Discretization Error amplification instead of stagnation to machine precision

Question

I wrote a code on Python 2.7.5 to solve numerically the following differential equation.

• $\frac{\partial^2f}{\partial x^2}=-S$

• $S=\pi^{2}\sin(\pi x)$

S is chosen that way in order to have $f= \sin(\pi x)$ as the exact solution, that can be compared with the constructed solution.

The differential operator is discretized using a second-order central finite difference method.

When running the code, the order of magnitude of the evolution of the discretization error Err is correct (2nd order) for the first batch of points of N (10,20,40,80,100,800,2000,5000) (goes down to 10e-11).

But I found that for very small dx meaning, very big Nx (10000,50000,100000,600000,900000), Err doesn't stagnate at the machine precision error (as expected) but goes up for several magnitude orders, and even worse, the discretization error Err deteriorates (up to 10e-7).

Is it a problem in the precision/round managment of Python for very small numbers, or is it normal to have even worse Error for that amount of points ?

I tried to write the problem in different ways (Matrix, Loops, Matrix inversion technices) but the same phenomenon happened.

import numpy as np
import matplotlib.pyplot as plt
import scipy.sparse as sp
from scipy.sparse.linalg.dsolve import spsolve

Err=[]
N=np.array([10,20,40,80,100,800,2000,5000,10000,50000,100000,600000,900000])

#Loop on the number of points used for the discretization of the 1D domain   
for Nx in N:

    dx=(1.0)/Nx# fixed distance between two consecutive points in the domain
    x = np.linspace(dx,1.0-dx,Nx-1)# points of the 1D domain


    #contruction of the diff operator discretization Matrix
    data = [np.ones(Nx-1), -2*np.ones(Nx-1), np.ones(Nx-1)]# Diagonal terms
    offsets = np.array([-1, 0, 1])# Their positions
    LAP = sp.dia_matrix((data, offsets), shape=(Nx-1, Nx-1))#Sparse matrix
    S = np.pi**2*np.sin(np.pi*x)*dx**2# Second member 
    f = spsolve(LAP,-S)#Resolution of the matrix system 

    f_ana=np.sin(np.pi*x)#The exact solution

    Err.append((np.absolute((f_ana-f))).max())

plt.figure()
plt.plot(N,Err,N,N**float(-2),'--')
plt.legend(['Err','Theoretical asymptotic behaviour'])
plt.xlabel('dx')
plt.ylabel('Err')
plt.xscale('log')
plt.yscale('log')
plt.show()

Answer 1

Putting a more systematic point of view to the particular problems in the answer of H. Rittich, the matrices LAP are nearly singular for large N.

The eigensystem $$ v_{k-1}-2v_k+v_{k+1}=\lambda v_k,~~v_0=v_{N+1}=0 $$ has basis solutions $v_k=q^k-q^{-k}$ where $q^{2N+2}=1$ for $v_{N+1}=0$. Then the eigenvalue computes as $\lambda=q+q^{-1}-2$, which means $$ q_m=\exp(i\frac{m\pi}{N+1}),\\ v_{m,k}=2\cos(\frac{km\pi}{N+1}),\\ \lambda_m=2(\cos(m\frac{\pi}{N+1})-1)=-4\sin^2(\frac{m\pi}{2(N+1)}) $$ for $m=1,...,N$. Thus the ratio of largest to smallest eigenvalue, in other words the condition number of LAP, is $$ \kappa({\sf LAP})=\frac{\sin^2(\frac{N\pi}{2(N+1)})}{\sin^2(\frac{\pi}{2(N+1)})}\approx \frac{4(N+1)^2}{\pi^2}. $$ Floating point noise gets magnified by that number in the relative error formula, see the general perturbation theory of linear systems.
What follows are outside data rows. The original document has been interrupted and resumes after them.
(* In the setting described in the context, for every $n\ge1$ and every $y\in\mathbb R^p$, $$\tau_n\widetilde J(x_n,w_n,y)\le\langle x_{n+1}-z_{n+1},x^\star-x_{n+1}\rangle+\frac1\beta\langle y_n-y_{n-1},y-y_n\rangle+\psi\delta_n\langle x_n-z_{n+1},x_{n+1}-x_n\rangle+\tau_n\langle\theta_n,x_n-x_{n+1}\rangle,$$ where $\widetilde J(x,w,y)=F(x,w)+\langle y,H(x)-w\rangle-F(x^\star,w^\star)$.
   Context: Let $f:\mathbb{R}^p\to(-\infty,+\infty]$ and $g:\mathbb{R}^q\to(-\infty,+\infty]$ be proper closed convex functions; $f^*$ is the Fenchel conjugate, $\mathrm{dom}$ the effective domain, $\mathrm{Prox}_{\lambda h}(x)=\arg\min_u\{h(u)+\frac{1}{2\lambda}\|u-x\|^2\}$. Let $h:\mathbb R^q\to\mathbb R$ be convex with $L_h$-Lipschitz gradient, and $H:\mathrm{dom}(g)\to\mathrm{dom}(f)$ continuously differentiable with Jacobian $H'$, such that $x\mapsto\langle H(x),y\rangle$ is convex for every $y\in\mathrm{dom}(f^* )$. Set $\Phi(x,y)=h(x)+\langle H(x),y\rangle$ and $\mathcal L(x,y)=g(x)+\Phi(x,y)-f^*(y)$. Assume: (A1) the set of saddle points $\{(x^\star,y^\star)\in\mathrm{dom}(g)\times\mathrm{dom}(f^* ):-\nabla_x\Phi(x^\star,y^\star)\in\partial g(x^\star),\ \nabla_y\Phi(x^\star,y^\star)\in\partial f^*(y^\star)\}$ is nonempty, $\mathrm{dom}(g)\times\mathrm{dom}(f^* )\subseteq\mathrm{dom}(\Phi)$, $\mathcal L(x^\star,y^\star)$ finite; (A2) $\Phi(\cdot,y)$ convex differentiable, $\Phi(x,\cdot)$ concave differentiable, and on every pair of bounded sets $\mathcal X,\mathcal Y$ there are $L_{yy},L_{xx}\ge0,L_{xy}>0$ with $\|\nabla_y\Phi(x,y)-\nabla_y\Phi(x,\tilde y)\|\le L_{yy}\|y-\tilde y\|$, $\|\nabla_x\Phi(x,y)-\nabla_x\Phi(\tilde x,\tilde y)\|\le L_{xx}\|x-\tilde x\|+L_{xy}\|y-\tilde y\|$ on $(\mathcal X\cap\mathrm{dom}(g))\times(\mathcal Y\cap\mathrm{dom}(f^* ))$. Let $F(x,w)=g(x)+h(x)+f(w)$, and let $(x^\star,w^\star,y^\star)$ be a fixed point of $\widetilde\Omega=\{(x,w,y)\in\mathrm{dom}(g)\times\mathrm{dom}(f)\times\mathrm{dom}(f^* ): -H'(x)^\top y-\nabla h(x)\in\partial g(x),\ y\in\partial f(w),\ H(x)=w\}$. Algorithm PDAc-L (applied to this $\Phi$): choose $\psi\in(1,1+\sqrt3)$, $\xi>0$, $\varphi>1$ with $\omega:=2\psi-\xi-\frac{\psi^3\varphi}{1+\psi}>0$, $\tau_{\max}>0$, $\nu,\mu\in(0,1)$, $\eta\in[0,1)$, integer $M\ge1$, $\beta>0$, $x_0\in\mathrm{dom}(g)$, $y_0\in\mathrm{dom}(f^* )$, $\tau_0\in(0,\tau_{\max}]$; $z_0=x_0$, $\delta_0=1$. For $n\ge1$: $z_n=\frac{\psi-1}{\psi}x_{n-1}+\frac1\psi z_{n-1}$, $x_n=\mathrm{Prox}_{\tau_{n-1}g}(z_n-\tau_{n-1}\nabla_x\Phi(x_{n-1},y_{n-1}))$; with $\tau=\min\{\varphi\tau_{n-1},\tau_{\max}\}$, set $\tau_n=\tau\mu^i$, $y_n=\mathrm{Prox}_{\beta\tau_nf^*}(y_{n-1}+\beta\tau_nH(x_n))$, where $i\ge0$ is the smallest integer with $\frac{\tau_n\tau_{n-1}}{\xi}\|\theta_n\|^2+2\tau_n\Phi_n^y\le\nu r_n+(1-\nu)c_n$, $\theta_n=\nabla_x\Phi(x_n,y_n)-\nabla_x\Phi(x_{n-1},y_{n-1})$, $\Phi_n^y=\Phi(x_n,y_{n-1})+\langle\nabla_y\Phi(x_n,y_{n-1}),y_n-y_{n-1}\rangle-\Phi(x_n,y_n)$ (here $=0$), $r_n=\omega\delta_{n-1}\|x_n-x_{n-1}\|^2+\frac1\beta\|y_n-y_{n-1}\|^2$, $c_n=\frac{\eta}{|\mathcal I_n|}\sum_{i\in\mathcal I_n}r_i$, $\mathcal I_n=\{n-1,\dots,\max\{n-M,1\}\}$ ($c_1:=0$); $\delta_n=\tau_n/\tau_{n-1}$. Define $w_n=\mathrm{Prox}_{f/(\beta\tau_n)}(y_{n-1}/(\beta\tau_n)+H(x_n))$, so that $y_n=y_{n-1}+\beta\tau_n(H(x_n)-w_n)$. *)

From HB Require Import structures.
From mathcomp Require Import all_boot all_order all_algebra.
From mathcomp Require Import boolp classical_sets reals constructive_ereal ereal.
(* For every $\alpha<1.5$ there exist reals $0<v_1<\dots<v_n$ and a distribution $\mathcal{D}$ on $\{v_1,\dots,v_n\}$ with full support such that no signaling scheme for $\mathcal{D}$ is $\alpha$-majorized.
   Context: Values and prior. $v_0:=0$, $f_{\mathcal{D}}$ is the mass function of $\mathcal{D}$, $F_{\mathcal{D}}$ its CDF, and $G_S(p)=\Pr_{v\sim S}[v\ge p]$. Signals and pricing. A signal is a distribution $S$ on $\{v_1,\dots,v_n\}$. The seller posts $p^*_S$, the smallest $v$ in the support of $S$ maximizing $v\,G_S(v)$. The surplus of value $v$ is $cs_v(S)=\mathbb{1}[v\ge p^*_S](v-p^*_S)$. Signaling schemes. A signaling scheme is $\mathcal{Z}=\{(S_q,\gamma_q)\}$ with $\gamma_q\ge0$, $\sum\gamma_q=1$ and $\sum_q\gamma_q f_{S_q}=f_{\mathcal{D}}$. Its expected consumer surplus at $v_i$ is $cs_{v_i}(\mathcal{Z})=\sum_q cs_{v_i}(S_q)\gamma_q f_{S_q}(v_i)/f_{\mathcal{D}}(v_i)$. Majorization. The surplus-mass function $s_{\mathcal{Z}}$ on $(0,1]$ equals $cs_{v_i}(\mathcal{Z})$ on $(F_{\mathcal{D}}(v_{i-1}),F_{\mathcal{D}}(v_i)]$. For a finite step function $f$ on $(0,1]$, $\mathrm{Pf}(f,m)=\int_0^m f_{\mathrm{sorted}}$, where $f_{\mathrm{sorted}}$ rearranges the steps of $f$ in ascending order. $\mathcal{Z}$ is $\alpha$-majorized if $\alpha\,\mathrm{Pf}(s_{\mathcal{Z}},m)\ge\mathrm{Pf}(s_{\mathcal{Z}'},m)$ for every signaling scheme $\mathcal{Z}'$ for $\mathcal{D}$ and every $m\in(0,1]$. *)

From HB Require Import structures.
From mathcomp Require Import all_boot all_order all_algebra.
From mathcomp Require Import reals.
Set Implicit Arguments. Unset Strict Implicit. Unset Printing Implicit Defensive.
Import Order.TTheory GRing.Theory Num.Theory.
Local Open Scope ring_scope.

Section SignalDefs.
Variable R : realType.
Variable n : nat.
Variable v : 'I_n -> R.

(* G_S(p) = Pr_{v ~ S}[v >= p]; a signal S is a mass function on the values *)
Definition tailG (S : 'I_n -> R) (p : R) : R := \sum_(j < n | p <= v j) S j.

Definition revenue (S : 'I_n -> R) (i : 'I_n) : R := v i * tailG S (v i).

Definition price_idx (S : 'I_n -> R) : option 'I_n :=
  [pick i | [&& 0 < S i,
              [forall k, (0 < S k) ==> (revenue S k <= revenue S i)] &
              [forall k, ((0 < S k) && (revenue S k == revenue S i)) ==> (v i <= v k)]]].

Definition price (S : 'I_n -> R) : R :=
  if price_idx S is Some i then v i else 0.

Definition cs (S : 'I_n -> R) (i : 'I_n) : R :=
  if price S <= v i then v i - price S else 0.

Definition is_distribution (g : 'I_n -> R) : Prop :=
  (forall i, 0 <= g i) /\ \sum_(i < n) g i = 1.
This already includes effects of catastrophic cancellation.

As one can see, the truncation error stops to be close to the observed error at the point that the (theoretically possible magnitude of the) magnified floating point noise starts to dominate the truncation error.

Answer 2

Yes. This behavior is to be expected and normal. When you are computing with a small value for $\mathrm dx$ then, to compute the difference quotient, you are subtracting two numbers that are nearly the same. In this situation, you observe a so called catastrophic cancellation, meaning nearly all significant digits are lost (see here).

Answer 3

@H.Rittich states one reason in their answer. Another reason is that when you go to more and more points, you have to do more and more computations, each of which adds its own amount of round-off error. Consequently, the smaller your $\delta x$ gets, the more computations and the more accumulated round-off -- it doesn't just stay constant, but actually grows.